Skills and hooks

Two mutable primitives that extend the CLI agent: skills (declarative capabilities) and hooks (lifecycle signals). Both subject to the GEPA tournament.

Skills: declarative capabilities

A skill is a reusable capability that a pod can invoke like a function. But unlike a tool or an MCP server, a skill is defined by a markdown file with frontmatter:

---
name: dataviz
description: |
  Decision skill for choosing the right chart type AND the appropriate
  data-science treatment given a dataset and analytical intent.
trigger: "user requests a chart, plot, dashboard, or data visualization"
---

# How this skill decides

[markdown body of the skill...]

The pod loads the list of available skills at each session start. When the semantic trigger matches the user request, the skill is proposed to the pod, which can invoke it via Skill(skill="dataviz", args=...).

Why skills rather than prompts

Composable — a skill can call another skill.
Versioned — each skill lives in $NIKA_CONFIG/skills/{name}/SKILL.md (path resolved at install, independent of the CLI).
Semantically triggerable — no exact-match matching needed.
Mutable by GEPA — the prompt harness evolves under tournament.
Observable — every invocation is traced.

The GEPA tournament

GEPA (Genetic-Pareto, 2025 academic research) is the algorithm we use to evolve the prompt formulation of each skill. The principle:

From a v0 skill, generate several variants by mutation (rephrasings, added examples, removal of redundancies).
Evaluate each variant on a set of memorized example cases.
Multi-objective selection: output quality, latency, token cost, retry rate.
The best variant becomes v1 and replaces the old one.

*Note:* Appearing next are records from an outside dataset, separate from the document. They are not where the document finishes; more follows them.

(* The function $f(x)=\sum_{n\geq 0}\frac{1}{(n+1)^2}\sum_{i=0}^{2^n-1}\sigma_{n,i}(x)$ on $[0,1]$ is completely non-Hölder.
   Context: The Faber–Schauder functions: $\sigma_{0,0}(x)=0$ for $x\le 0$ or $x\ge 1$, $\sigma_{0,0}(x)=2x$ for $0\le x\le \frac12$, $\sigma_{0,0}(x)=2-2x$ for $\frac12\le x\le 1$; and for $n\ge 0$, $0\le i\le 2^n-1$, $\sigma_{n,i}(x)=\sigma_{0,0}(2^nx-i)$. For $\alpha>0$, a function $g:[0,1]\to\mathbb{R}$ is called $\alpha$-Hölder at $x_0$ from the right if $\limsup_{y\searrow x_0}\frac{|g(y)-g(x_0)|}{|y-x_0|^\alpha}<\infty$, and $\alpha$-Hölder at $x_0$ from the left if $\limsup_{y\nearrow x_0}\frac{|g(y)-g(x_0)|}{|y-x_0|^\alpha}<\infty$. The function $g$ is called completely non-Hölder if there is no $x_0\in[0,1]$ and no $\alpha>0$ such that $g$ is $\alpha$-Hölder at $x_0$ from the left or from the right. *)

From Stdlib Require Import Reals.
From Coquelicot Require Import Coquelicot.
Open Scope R_scope.

Definition sigma00 (x : R) : R :=
  if Rle_dec x 0 then 0
  else if Rle_dec 1 x then 0
  else if Rle_dec x (1/2) then 2 * x
  else 2 - 2 * x.

Definition sigma (n i : nat) (x : R) : R := sigma00 (2 ^ n * x - INR i).

Definition f_term (x : R) (n : nat) : R :=
  / (INR n + 1) ^ 2 * sum_f_R0 (fun i => sigma n i x) (2 ^ n - 1)%nat.

Definition fFS (x : R) : R := Series (f_term x).

(* limsup_{y \searrow x0, y in [0,1]} |g y - g x0| / |y - x0|^alpha < +oo,
   unfolded: the ratio is eventually bounded above. *)
Definition holder_right (g : R -> R) (alpha x0 : R) : Prop :=
  exists M delta, 0 < delta /\
    forall y, x0 < y < x0 + delta -> y <= 1 ->
      Rabs (g y - g x0) / Rpower (Rabs (y - x0)) alpha <= M.

Definition holder_left (g : R -> R) (alpha x0 : R) : Prop :=
  exists M delta, 0 < delta /\
    forall y, x0 - delta < y < x0 -> 0 <= y ->
      Rabs (g y - g x0) / Rpower (Rabs (y - x0)) alpha <= M.

(* One-sided Hölder conditions only make sense where the side exists inside
   [0,1]: from the right at x0 in [0,1), from the left at x0 in (0,1]. *)
Definition completely_non_Holder (g : R -> R) : Prop :=
  ~ exists x0 alpha, 0 < alpha /\
      ((0 <= x0 < 1 /\ holder_right g alpha x0) \/
       (0 < x0 <= 1 /\ holder_left g alpha x0)).

(* For a dyadic cell [a, b] of level m,
   a = k/2^m and b = (k+1)/2^m, the second difference
       f(a) + f(b) - 2 f((a+b)/2)
   equals -2/(m+1)^2: every level n < m is affine on the cell (the tent
   function is affine on half-integer cells), every level n > m vanishes at
   the three points (they are integers after scaling by 2^n), and level m
   vanishes at a, b and equals 1 at the midpoint.

   On the other hand, if f is α-Hölder at x0 from one side with constant M,
   then for every large m some dyadic cell of level m lies on that side
   within distance 4/2^m of x0, so the second difference over it is at most
   4 M (4/2^m)^α in absolute value.  Since 2^(αm) grows faster than (m+1)^2
   the two estimates contradict each other. *)

From Pilot Require Import Defs.
From Stdlib Require Import Reals Lra Lia ZArith.
From Coquelicot Require Import Coquelicot.
Open Scope R_scope.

The others are dropped.

The kernel is never mutated by GEPA. Only the harness is. This separation guarantees that security invariants, output contracts, and business policies stay carved.

Hooks: POSIX-like signals for the CLI agent

Hooks are Python scripts attached to lifecycle events. The pod fires the hook, the hook reads stdin, writes stdout/stderr, and returns an exit code that the pod honors.

The six active events

Event	When	Example hooks
`SessionStart`	Pod startup	`on_session_start.py`: boot, RAG context, IPC consumer groups
`UserPromptSubmit`	User submits a prompt	`on_user_prompt.py`: 3-stage router (normalize, split, route)
`PreToolUse`	Before each tool call	`dep_guard.py`, `task_redirect.py`, `pod_primitives_guard.py`
`PostToolUse`	After each tool call	`context_checkpoint.py`, `redis_telemetry.py`, `heartbeat_repair.py`
`SubagentStop`	When a child pod terminates	`on_subagent_stop.py`: entity update, IPC publish, review request
`Stop`	When the pod terminates	`on_stop.py`: session summary, karma scoring

Exit codes and their semantics

exit 0 — success, no action on the pod side. The tool call continues.
exit 1 — error, the hook failed. Pod logs and continues (fail-open).
exit 2 — blocking. The pod honors the hook and cancels the action. Used by dep_guard.py (block torch install without CPU index) and task_redirect.py (block TaskCreate → redirect to hierarchy entities).

Why hooks rather than a middleware

Three reasons:

Language-independent — a hook in Python can be rewritten in Rust or Go without touching the pod. It is just a binary that reads stdin and writes stdout.
Composable — multiple hooks can chain on the same event.
Observable — each hook logs in logs/{hook_name}.log. The operator can tail -f any hook to see what it is doing.

Shared utilities

Hooks share a utility library to avoid duplication:

scripts/hooks/hook_base.py
├── read_hook_input()      — parse stdin JSON
├── emit(data)             — write stdout JSON
├── write_bus(message)     — append to the JSONL bus
├── load_state(name)       — read $NIKA_CONFIG/cache/{name}_state.json
├── save_state(name, data) — atomic tmp-rename
├── setup_logging(name)    — handler to logs/{name}.log
└── check_cooldown(name)   — prevent hooks firing too often

scripts/hooks/rag_utils.py
├── search_qdrant(query, k, filter)
└── ingest_to_qdrant(text, meta)

scripts/hooks/ipc.py
├── publish_result(...)
├── publish_signal(...)
├── publish_entity_event(...)
├── consume_entity_events(group, consumer)
├── ack_entity_event(...)
└── ensure_consumer_groups()

This factorization keeps each hook readable in under 100 lines. If a hook exceeds that, it is doing too much — it must be split or refactored into the lib.

Guardrails on hooks

No blocking I/O — a hook that hangs blocks the pod. Strict timeout.
Local logs only — do not write to Qdrant from a critical hook; use the JSONL bus (asynchronous by design).
Idempotence — a hook may be triggered twice on the same event in case of retry. It must be a no-op on the second invocation.
No surprising side-effects — a PostToolUse hook does not send emails or open PRs. It observes and logs.